De tien principes van de burgerwetenschap
Wat is goede citizen science? De Europese vereniging voor citizen science (ECSA) schuift tien principes naar voren.
Burgerwetenschap – of citizen science – is een flexibel concept dat kan worden aangepast aan en toegepast in diverse situaties en disciplines. De statements hieronder zijn geformuleerd door de werkgroep ‘Sharing best practice and building capacity’ van de European Citizen Science Association (ECSA), onder leiding van het Natural History Museum in Londen en met de input van vele leden van de ECSA. Ze zetten een aantal van de belangrijkste principes uiteen die volgens ons, als community, ten grondslag liggen aan goede burgerwetenschap.
1. Burgerwetenschappelijke projecten betrekken burgers actief bij wetenschappelijk onderzoek dat nieuwe kennis of inzichten oplevert. Burgers kunnen fungeren als: bijdragers, medewerkers of projectleiders en hebben een betekenisvolle rol in het project.
2. Burgerwetenschappelijke projecten leiden tot een echt wetenschappelijk resultaat. Bijvoorbeeld het beantwoorden van een onderzoeksvraag of het informeren over maatregelen voor natuurbehoud, over beleidsbeslissingen of over het milieubeleid.
3. Zowel de professionele wetenschappers als de burgerwetenschappers hebben baat bij hun deelname. Voordelen kunnen zijn: de publicatie van onderzoeksresultaten, mogelijkheden om bij te leren, persoonlijk plezier, voordelen op sociaal vlak, tevredenheid dat men bijdraagt aan wetenschappelijk bewijs voor bv. lokale, nationale en internationale kwesties en, daardoor, mogelijk het beleid kan beïnvloeden.
4. Burgerwetenschappers kunnen, als ze dat willen, deelnemen aan verschillende fases van het wetenschappelijk proces.
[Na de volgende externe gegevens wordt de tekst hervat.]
(* [dualS] takes [(C[-1])^dagger] as its first summand: the two copies of [C]
   are swapped, the one coming from [C] being identified through [chi^dagger]. *)
Lemma dualT_tot X : sgnC X *m sd X = - (sd X *m sgnC X) ->
  S_iso (dualT (tot X)) (tot (dualS X)).
Proof.
move=> Pd; have Pdt := congr1 trmx Pd; rewrite trmxN !trmx_mul !tr_sgnmx in Pdt.
exists (block_mx (block_mx 0 1%:M (sgnC X) 0) 0 0 1%:M).
exists (block_mx (block_mx 0 (sgnC X) 1%:M 0) 0 0 1%:M).
split.
- by block_simpl; rewrite sgnmxK -scalar_mx_block -scalar_mx_block.
- by block_simpl; rewrite sgnmxK -scalar_mx_block -scalar_mx_block.
- apply: (eq_homog (ds := fun i => match split i with
      | inl j => match split j with inl a => - @cdeg R X a | inr b => - (@cdeg R X b + 1) end
      | inr k => - @rdeg R X k end) (dt := @tdeg R (dualS X))).
  + by move=> j; rewrite /= /tdeg; case: (split j) => // j'; case: (split j').
  + by [].
  apply: homog_block; [|exact: homog0|exact: homog0|apply: homog_scalar => a /=; lia].
  apply: homog_block; [exact: homog0| apply: homog_scalar => a /=; lia
    | apply: homog_diag => a /=; lia | exact: homog0].
- rewrite /= dualmxE sgnmx_tdeg /dtot sd_dualS sv_dualS sdel1_dualS sdel2_dualS sr_dualS.
  block_simpl; rewrite !block_mxEv -(mulmxA (sd X)^T) sgnmxK mulmx1 Pdt.
  by rewrite !mulmxN !opprK (mulmxA (sgnC X) (sgnC X)) sgnmxK mul1mx.
- by rewrite /= dualmxE sgnmx_tdeg /chitot; block_simpl; rewrite sgnmxK !block_mxEv !row_mx0.
Qed.

Lemma dualS_iter_Sigma X k :
  Sdat_iso (dualS (iter k (@Sigma R) X)) (iter k (@SigmaInv R) (dualS X)).
Proof.
elim: k => [|k IH]; first exact: Sdat_iso_refl.
exact: Sdat_iso_trans (dualS_Sigma _) (Sdat_iso_SigmaInv IH).
Qed.

Lemma dualS_iter_SigmaInv X k : sign_parity X ->
  Sdat_iso (dualS (iter k (@SigmaInv R) X)) (iter k (@Sigma R) (dualS X)).
Proof.
move=> PX; elim: k => [|k IH]; first exact: Sdat_iso_refl.
exact: Sdat_iso_trans (dualS_SigmaInv (sign_parity_iter_SigmaInv k PX)) (Sdat_iso_Sigma IH).
Qed.

Lemma dualT_tot_iter_Sigma X k : sign_parity X ->
  S_iso (dualT (tot (iter k (@Sigma R) X))) (tot (iter k (@SigmaInv R) (dualS X))).
Proof.
move=> /(sign_parity_iter_Sigma k) [Pd _ _ _ _].
exact: S_iso_trans (dualT_tot Pd) (Sdat_iso_tot (dualS_iter_Sigma X k)).
Qed.

Lemma dualT_tot_iter_SigmaInv X k : sign_parity X ->
  S_iso (dualT (tot (iter k (@SigmaInv R) X))) (tot (iter k (@Sigma R) (dualS X))).
Proof.
move=> PX; have [Pd _ _ _ _] := sign_parity_iter_SigmaInv k PX.
exact: S_iso_trans (dualT_tot Pd) (Sdat_iso_tot (dualS_iter_SigmaInv k PX)).
Qed.

End Totalization.

Unset Implicit Arguments.

Theorem proposition2p9 (R : comPzRingType) (X : Sdat R) (n : int) :
  is_Scomplex X ->
  S_iso (dualT (tot (SigmaZ n X))) (tot (SigmaZ (- n) (dualS X))).
Proof.
move=> /Scomplex_sign_parity PX; case: n => k.
- have -> : SigmaZ (- Posz k) (dualS X) = iter k (@SigmaInv R) (dualS X) by case: k.
  exact: dualT_tot_iter_Sigma.
- exact: dualT_tot_iter_SigmaInv.
Qed.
Dit kan onder meer het formuleren van de onderzoeksvraag zijn, het uitwerken van de methode, het verzamelen en analyseren van data en het communiceren over de resultaten
5. Burgerwetenschappers krijgen feedback vanuit en over het project. Bijvoorbeeld hoe hun gegevens worden gebruikt, wat de onderzoekresultaten zijn en de eventuele gevolgen voor beleid of maatschappij.
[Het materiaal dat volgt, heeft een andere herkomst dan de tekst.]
Section PrimeOverP.
Variables (p : nat) (P : algC -> Prop).
Hypotheses (p_prime : prime p) (p_ndvd_D : ~~ (p %| D)%N)
  (P_prime : is_prime_ideal D P) (P_over_p : lies_over P p).

Let idealP : is_ideal D P. Proof. by case: P_prime. Qed.
Let alpha_OK : inOK D alpha := root_fpoly_inOK alpha_root.
Let beta_OK : inOK D beta := root_fpoly_inOK beta_root.
Let P_intP := prime_ideal_intP P_prime p_prime P_over_p.
Let P_int_inv := prime_ideal_int_inv P_prime p_prime P_over_p.

Lemma discr_notin_prime : ~ P D%:R.
Proof. by move/(P_intP D); apply/negP. Qed.

Lemma sub_roots_notin_prime : ~ P (alpha - beta).
Proof.
move=> Pab; apply: discr_notin_prime; rewrite -sqr_sub_roots expr2.
exact: (idealMl idealP (inOK_sub alpha_OK beta_OK)).
Qed.

(* [y = m + n alpha] divides its norm [N = y (T - y)], with [T] its trace *)
Lemma invmod_Zroot (m n : int) :
  ~ P (m%:~R + n%:~R * alpha) -> invmod D P (m%:~R + n%:~R * alpha).
Proof.
set y := _ + _ => Py.
have y_OK : inOK D y by apply: inOK_add (inOK_int D m) (inOK_mul (inOK_int D n) alpha_OK).
set T : int := 2 * m + n * a1%:Z; set N : int := m ^+ 2 + m * n * a1%:Z - n ^+ 2.
have Ty_OK : inOK D (T%:~R - y) by apply: inOK_sub y_OK; exact: inOK_int.
have EN : y * (T%:~R - y) = N%:~R.
  rewrite /y /T /N !(rmorphD, rmorphB, rmorphM, rmorphXn) /= -pmulrn.
  rewrite -[RHS]subr0 -(mulr0 (n%:~R ^+ 2)) -(subrr (alpha ^+ 2)).
  by rewrite {2}(root_fpoly alpha_root); ring.
have [/(P_intP N) PN | /P_int_inv [w PwN]] := boolP (p%:Z %| N)%Z; last first.
  exists (w%:~R * (T%:~R - y)); first exact: inOK_mul (inOK_int D w) Ty_OK.
  by rewrite -mulrA (mulrC _ y) EN -rmorphM.
rewrite -EN in PN; case: (prime_idealM P_prime y_OK Ty_OK PN) => // PTy.
have /P_int_inv [w PwT] : ~~ (p%:Z %| T)%Z.
  apply/negP => /(P_intP T) PT; apply: Py.
  by rewrite -[y](subKr T%:~R); apply: (idealB idealP).
exists w%:~R; first exact: inOK_int.
have -> : w%:~R * y - 1 = ((w * T)%:~R - 1) - w%:~R * (T%:~R - y) by rewrite rmorphM; ring.
exact/(idealB idealP)/(idealMl idealP (inOK_int D w)).
Qed.

Lemma invmod_prime_ideal y : inOK D y -> ~ P y -> invmod D P y.
Proof.
move=> y_OK Py; have [m [n Emn]] := inOK_discr_coord a1_gt0 alpha_root y_OK.
have PDy : ~ P (D%:R * y).
  by case/(prime_idealM P_prime (inOK_nat D D) y_OK); [exact: discr_notin_prime | exact: Py].
rewrite Emn in PDy; have [u u_OK Pu] := invmod_Zroot PDy.
by exists (u * D%:R); [exact: inOK_mul u_OK (inOK_nat D D) | rewrite -mulrA Emn].
Qed.

Lemma scaled_into_split (c : int) :
  P (alpha - c%:~R) -> scaled_into D (beta - c%:~R) P p%:R.
Proof.
move=> Pac; have g_OK : inOK D (beta - c%:~R) by apply: inOK_sub beta_OK (inOK_int D c).
apply: (scaled_into_cancel_int P_prime p_prime P_over_p (d := D) g_OK discr_notin_prime).
move=> y Py; have [m [n Emn]] := inOK_discr_coord a1_gt0 alpha_root (ideal_inOK idealP Py).
have [k Ek] : exists k : int, (m + n * c)%:~R = k%:~R * p%:R :> algC.
  apply: (prime_ideal_intE P_prime p_prime P_over_p).
  have -> : (m + n * c)%:~R = D%:R * y - n%:~R * (alpha - c%:~R) :> algC.
    by rewrite Emn rmorphD rmorphM; ring.
  apply: (idealB idealP); apply: (idealMl idealP) => //; [exact: inOK_nat | exact: inOK_int].
have [l El] : exists l : int, (c ^+ 2 - a1%:Z * c - 1)%:~R = l%:~R * p%:R :> algC.
  apply: (prime_ideal_intE P_prime p_prime P_over_p).
  by rewrite -mul_roots_subC; apply: (idealMr idealP).
exists (k%:~R * (beta - c%:~R) + n%:~R * l%:~R).
  by apply: inOK_add; apply: inOK_mul => //; exact: inOK_int.
rewrite -mulrA -pmulrn Emn.
transitivity ((beta - c%:~R) * (m + n * c)%:~R + n%:~R * ((alpha - c%:~R) * (beta - c%:~R))).
  by rewrite rmorphD rmorphM; ring.
by rewrite Ek mul_roots_subC El; ring.
Qed.

(* when [X^2 - a1 X - 1] has no root mod [p], the norm [m^2 + m n a1 - n^2] of [m + n alpha]
   vanishes mod [p] only if [m] and [n] do *)
Lemma scaled_into_inert : (forall c : int, ~ P (c ^+ 2 - a1%:Z * c - 1)%:~R) ->
  scaled_into D 1 P p%:R.
Proof.
move=> no_root.
apply: (scaled_into_cancel_int P_prime p_prime P_over_p (d := D) (inOK_nat D 1) discr_notin_prime).
move=> y Py; have [m [n Emn]] := inOK_discr_coord a1_gt0 alpha_root (ideal_inOK idealP Py).
have [Eab Emul] := roots_fpoly_addM.
set N : int := m ^+ 2 + m * n * a1%:Z - n ^+ 2.
have PN : P N%:~R.
  have -> : N%:~R = (D%:R * y) * (m%:~R + n%:~R * beta).
    rewrite Emn /N !(rmorphB, rmorphD, rmorphM, rmorphXn) /= -pmulrn -Eab.
    have Enn : n%:~R * n%:~R * (alpha * beta) = - (n%:~R * n%:~R) by rewrite Emul; ring.
    by rewrite -Enn; ring.
  apply: (idealMr idealP).
    exact: inOK_add (inOK_int D m) (inOK_mul (inOK_int D n) beta_OK).
  exact: (idealMl idealP (inOK_nat D D)).
have Pn : P n%:~R.
  apply/(P_intP n)/negPn/negP => /P_int_inv [n' Pnn']; apply: (no_root (- m * n')).
  set e : int := n' * n - 1.
  have -> : (- m * n') ^+ 2 - a1%:Z * (- m * n') - 1 = n' ^+ 2 * N - e * (a1%:Z * m * n' - 2 - e).
    by rewrite /N /e; ring.
  rewrite rmorphB; apply: (idealB idealP); rewrite rmorphM.
    exact: (idealMl idealP (inOK_int D _) PN).
  by apply: (idealMr idealP (inOK_int D _)); rewrite rmorphB.
have Pm : P m%:~R.
  have Pmm : P (m%:~R * m%:~R).
    have -> : m%:~R * m%:~R = N%:~R - (m * a1%:Z)%:~R * n%:~R + n%:~R * n%:~R :> algC.
      by rewrite /N !(rmorphB, rmorphD, rmorphM, rmorphXn) /=; ring.
    apply: (idealD idealP); first apply: (idealB idealP PN).
      exact: (idealMl idealP (inOK_int D _) Pn).
    exact: (idealMl idealP (inOK_int D _) Pn).
  by case: (prime_idealM P_prime (inOK_int D m) (inOK_int D m) Pmm).
have [m1 Em1] := prime_ideal_intE P_prime p_prime P_over_p Pm.
have [n1 En1] := prime_ideal_intE P_prime p_prime P_over_p Pn.
exists (m1%:~R + n1%:~R * alpha).
  exact: inOK_add (inOK_int D _) (inOK_mul (inOK_int D _) alpha_OK).
by rewrite mul1r -pmulrn Emn Em1 En1; ring.
Qed.

Lemma exists_scaled_into_p : exists g, [/\ inOK D g, ~ P g & scaled_into D g P p%:R].
Proof.
have split_case c : P (alpha - c%:~R) -> exists g, [/\ inOK D g, ~ P g & scaled_into D g P p%:R].
  move=> Pac; exists (beta - c%:~R); split; last exact: scaled_into_split.
    exact: inOK_sub beta_OK (inOK_int D c).
  move=> Pbc; apply: sub_roots_notin_prime.
  have -> : alpha - beta = (alpha - c%:~R) - (beta - c%:~R) by ring.
  exact: (idealB idealP).
have [[c Pc] | no_root] := classic (exists c : int, P (c ^+ 2 - a1%:Z * c - 1)%:~R).
  have [ac_OK bc_OK] := (inOK_sub alpha_OK (inOK_int D c), inOK_sub beta_OK (inOK_int D c)).
  rewrite -mul_roots_subC in Pc.
  case: (prime_idealM P_prime ac_OK bc_OK Pc) => [/split_case // | Pbc].
  apply: (split_case (a1%:Z - c)).
  have -> : alpha - (a1%:Z - c)%:~R = - (beta - c%:~R).
    by rewrite rmorphB /= -pmulrn -(roots_fpoly_addM).1; ring.
  exact: (idealN idealP).
exists 1; split; first exact: (inOK_nat D 1).
  by case: P_prime.
by apply: scaled_into_inert => c Pc; apply: no_root; exists c.
Qed.

Lemma ideal_pow_int_dvdP v (m : int) : ideal_pow D P v m%:~R <-> ((p ^ v)%:Z %| m)%Z.
Proof.
have [g [g_OK Pg gP]] := exists_scaled_into_p.
exact: (ideal_pow_intP P_prime p_prime P_over_p g_OK Pg gP).
Qed.

Lemma invmod_ideal_pow_notin v y : inOK D y -> ~ P y -> invmod D (ideal_pow D P v) y.
Proof. by move=> y_OK Py; apply: (invmod_ideal_pow idealP v y_OK); apply: invmod_prime_ideal. Qed.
6. Burgerwetenschap wordt beschouwd als een onderzoeksaanpak zoals elke andere, met beperkingen en risico’s op fouten, waar rekening mee moet worden gehouden en waarvoor moet worden gecontroleerd. In tegenstelling tot de traditionele onderzoeksaanpak biedt citizen science kansen op een grotere betrokkenheid van het publiek bij de wetenschap en op de democratisering van de wetenschap.
7. Data en metadata van citizen science-projecten worden openbaar ter beschikking gesteld en indien mogelijk worden de resultaten open access gepubliceerd. Het delen van data gebeurt tijdens of na het project, tenzij dit omwille van de veiligheid of de privacy niet kan.
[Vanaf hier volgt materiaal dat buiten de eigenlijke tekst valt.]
Theorem lemma3p6 (gamma : R) (hgamma : 0 <= gamma) :
  super_solution (fun x _ => S gamma x) (S gamma).
Proof.
  split; [| split; [| split; [| split; [| split]]]].
  - apply (C21_stationary (S gamma) (dS gamma) (d2S gamma)).
    + apply is_derive_S.
    + apply is_derive_dS.
    + apply continuous_d2S.
  - apply L1_initial_stationary.
  - intros t _. exists gamma.
    apply (filterlim_at_right_0_linear_bound _ _ (1 + 2 * gamma)).
    intros x Hx. apply S_sub_gamma_bound; lra.
  - intros s t _ Hst.
    apply (filterlim_at_right_0_linear_bound _ _ ((t - s) * (3 + 8 * gamma))).
    intros x Hx. rewrite RInt_const, Rminus_0_r.
    change (scal _ _) with ((t - s) * Rabs (x ^ 2 * Derive (fun y => S gamma y) x)).
    rewrite Rabs_mult, Rabs_Rabsolu, (Rabs_pos_eq (t - s)), Rmult_assoc by lra.
    apply Rmult_le_compat_l; [lra |]. apply boundary_flux_bound; assumption.
  - intros x t Hx _. rewrite Derive_const. apply Derive_Jflux_S_nonpos, Hx.
  - intros s t _ Hst eps Heps. exists 0. intros x Hx.
    rewrite (RInt_ext _ (fun _ => (gamma * mfun x) ^ 2))
      by (intros; apply Jflux_S; exact Hx).
    rewrite RInt_const. change (scal _ _) with ((t - s) * (gamma * mfun x) ^ 2).
    pose proof (pow2_ge_0 (gamma * mfun x)). nra.
Qed.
8. Burgerwetenschappers krijgen erkenning in de projectresultaten en publicaties.
9. Burgerwetenschapsprogramma's worden geëvalueerd op hun wetenschappelijke output, kwaliteit van de data, ervaring van de deelnemers en op hun bredere impact op de maatschappij of het beleid.
10. De projectleiders van citizen science-projecten houden rekening met juridische en ethische kwesties aangaande copyrights, intellectuele eigendom, overeenkomsten voor het delen van data, vertrouwelijkheid, erkenningen en de milieueffecten van alle activiteiten.
De vertaling naar het Nederlands komt van een ECSA-aanhanger die anoniem wil blijven en van Liesbeth Gijsel van Iedereen Wetenschapper.